Stored items
+ + +

Definition err_prob (eps : R) (P0 P1 : X -> R) (kstar n alpha : nat)
  (khat : {ffun 'I_n -> X} -> nat) : R :=
  \sum_(x : {ffun 'I_n -> X})
   \sum_(y : {ffun 'I_n -> X} | (khat y + alpha < kstar)%N || (kstar + alpha < khat y)%N)
     joint eps P0 P1 kstar x y.

End RRCPD.

From mathcomp Require Import all_boot all_order all_algebra.
From mathcomp Require Import all_classical all_reals.
From mathcomp Require Import sequences realfun exp.
From mathcomp Require Import ring lra zify.
Import Order.TTheory GRing.Theory Num.Theory.
Local Open Scope ring_scope.
Set Implicit Arguments. Unset Strict Implicit. Unset Printing Implicit Defensive.

(* The CUSUM estimate misses [kstar] by more than [alpha] only if one of two random walks
   started at the change point is nonnegative at some step [m >= alpha]: the log-likelihood
   ratios [ln (Q1 y_i / Q0 y_i)] of the privatized samples read backwards from [kstar - 1], or
   their negatives read forwards from [kstar].  A step [Z] of either walk has
   [E exp (Z / 2) = rho], the Bhattacharyya coefficient of the output laws [Q0], [Q1], so
   [exp (S_m / 2) / rho ^ m] is a nonnegative supermartingale and the maximal inequality bounds
   each event by [rho ^ alpha].  Le Cam's inequality [rho ^ 2 <= 1 - dTV(Q0, Q1) ^ 2] and the
   contraction [dTV(Q0, Q1) = (e^eps - 1) / (e^eps + q - 1) * dTV(P0, P1)] turn this into
   [(1 - C_r / 2) ^ (alpha / 2)].  That term is the smaller one in the minimum: [4 C_r <= s_r ^ 2]
   (from [2 tanh (eps / 2) ^ 2 <= eps ^ 2] and [s >= 3 dTV(P0, P1)]) gives
   [(1 - C_r / 2) ^ (alpha / 2) <= exp (- alpha C_r / 4) <= t_r].  If [alpha > n - 1] no miss is
   possible at all. *)

Section ProductLaw.
Variables (R : realType) (I X : finType) (w : I -> X -> R).
Hypotheses (w_ge0 : forall i x, 0 <= w i x) (w_sum1 : forall i, \sum_x w i x = 1).

Definition prodw (y : {ffun I -> X}) : R := \prod_i w i (y i).

Definition ffun_set (y : {ffun I -> X}) (i : I) (z : X) : {ffun I -> X} :=
  [ffun j => if j == i then z else y j].

Lemma prodw_ge0 y : 0 <= prodw y.
Proof. by apply: prodr_ge0 => i _. Qed.

Lemma sum_prodw : \sum_y prodw y = 1.
Proof.
rewrite /prodw -(bigA_distr_bigA (fun i x => w i x)).
by apply: big1 => i _; rewrite w_sum1.
Qed.

Lemma sum_ffun_coord_eq (i : I) (G : {ffun I -> X} -> R) (z z' : X) :
  (forall y u, G (ffun_set y i u) = G y) ->
  \sum_(y : {ffun I -> X} | y i == z) G y = \sum_(y : {ffun I -> X} | y i == z') G y.
Proof.
move=> Ginv.
have setK (y : {ffun I -> X}) : y i = z -> ffun_set (ffun_set y i z') i z = y.
  by move=> yz; apply/ffunP => j; rewrite !ffunE; case: eqP => [->|].
rewrite (reindex_onto (fun y => ffun_set y i z) (fun y => ffun_set y i z')) => [|y /eqP];
  last exact: setK.
apply: eq_big => [y|y _]; last exact: Ginv.
rewrite ffunE eqxx eqxx /=; apply/eqP/eqP => [<-|yz']; first by rewrite ffunE eqxx.
by apply/ffunP => j; rewrite !ffunE; case: eqP => [->|].
Qed.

+ + +

# About this exercise
Restating all of the data exactly is the whole task.

# Output for this task
Definition err_prob (eps : R) (P0 P1 : X -> R) (kstar n alpha : nat)
  (khat : {ffun 'I_n -> X} -> nat) : R :=
  \sum_(x : {ffun 'I_n -> X})
   \sum_(y : {ffun 'I_n -> X} | (khat y + alpha < kstar)%N || (kstar + alpha < khat y)%N)
     joint eps P0 P1 kstar x y.

End RRCPD.

From mathcomp Require Import all_boot all_order all_algebra.
From mathcomp Require Import all_classical all_reals.
From mathcomp Require Import sequences realfun exp.
From mathcomp Require Import ring lra zify.
Import Order.TTheory GRing.Theory Num.Theory.
Local Open Scope ring_scope.
Set Implicit Arguments. Unset Strict Implicit. Unset Printing Implicit Defensive.

(* The CUSUM estimate misses [kstar] by more than [alpha] only if one of two random walks
   started at the change point is nonnegative at some step [m >= alpha]: the log-likelihood
   ratios [ln (Q1 y_i / Q0 y_i)] of the privatized samples read backwards from [kstar - 1], or
   their negatives read forwards from [kstar].  A step [Z] of either walk has
   [E exp (Z / 2) = rho], the Bhattacharyya coefficient of the output laws [Q0], [Q1], so
   [exp (S_m / 2) / rho ^ m] is a nonnegative supermartingale and the maximal inequality bounds
   each event by [rho ^ alpha].  Le Cam's inequality [rho ^ 2 <= 1 - dTV(Q0, Q1) ^ 2] and the
   contraction [dTV(Q0, Q1) = (e^eps - 1) / (e^eps + q - 1) * dTV(P0, P1)] turn this into
   [(1 - C_r / 2) ^ (alpha / 2)].  That term is the smaller one in the minimum: [4 C_r <= s_r ^ 2]
   (from [2 tanh (eps / 2) ^ 2 <= eps ^ 2] and [s >= 3 dTV(P0, P1)]) gives
   [(1 - C_r / 2) ^ (alpha / 2) <= exp (- alpha C_r / 4) <= t_r].  If [alpha > n - 1] no miss is
   possible at all. *)

Section ProductLaw.
Variables (R : realType) (I X : finType) (w : I -> X -> R).
Hypotheses (w_ge0 : forall i x, 0 <= w i x) (w_sum1 : forall i, \sum_x w i x = 1).

Definition prodw (y : {ffun I -> X}) : R := \prod_i w i (y i).

Definition ffun_set (y : {ffun I -> X}) (i : I) (z : X) : {ffun I -> X} :=
  [ffun j => if j == i then z else y j].

Lemma prodw_ge0 y : 0 <= prodw y.
Proof. by apply: prodr_ge0 => i _. Qed.

Lemma sum_prodw : \sum_y prodw y = 1.
Proof.
rewrite /prodw -(bigA_distr_bigA (fun i x => w i x)).
by apply: big1 => i _; rewrite w_sum1.
Qed.

Lemma sum_ffun_coord_eq (i : I) (G : {ffun I -> X} -> R) (z z' : X) :
  (forall y u, G (ffun_set y i u) = G y) ->
  \sum_(y : {ffun I -> X} | y i == z) G y = \sum_(y : {ffun I -> X} | y i == z') G y.
Proof.
move=> Ginv.
have setK (y : {ffun I -> X}) : y i = z -> ffun_set (ffun_set y i z') i z = y.
  by move=> yz; apply/ffunP => j; rewrite !ffunE; case: eqP => [->|].
rewrite (reindex_onto (fun y => ffun_set y i z) (fun y => ffun_set y i z')) => [|y /eqP];
  last exact: setK.
apply: eq_big => [y|y _]; last exact: Ginv.
rewrite ffunE eqxx eqxx /=; apply/eqP/eqP => [<-|yz']; first by rewrite ffunE eqxx.
by apply/ffunP => j; rewrite !ffunE; case: eqP => [->|].
Qed.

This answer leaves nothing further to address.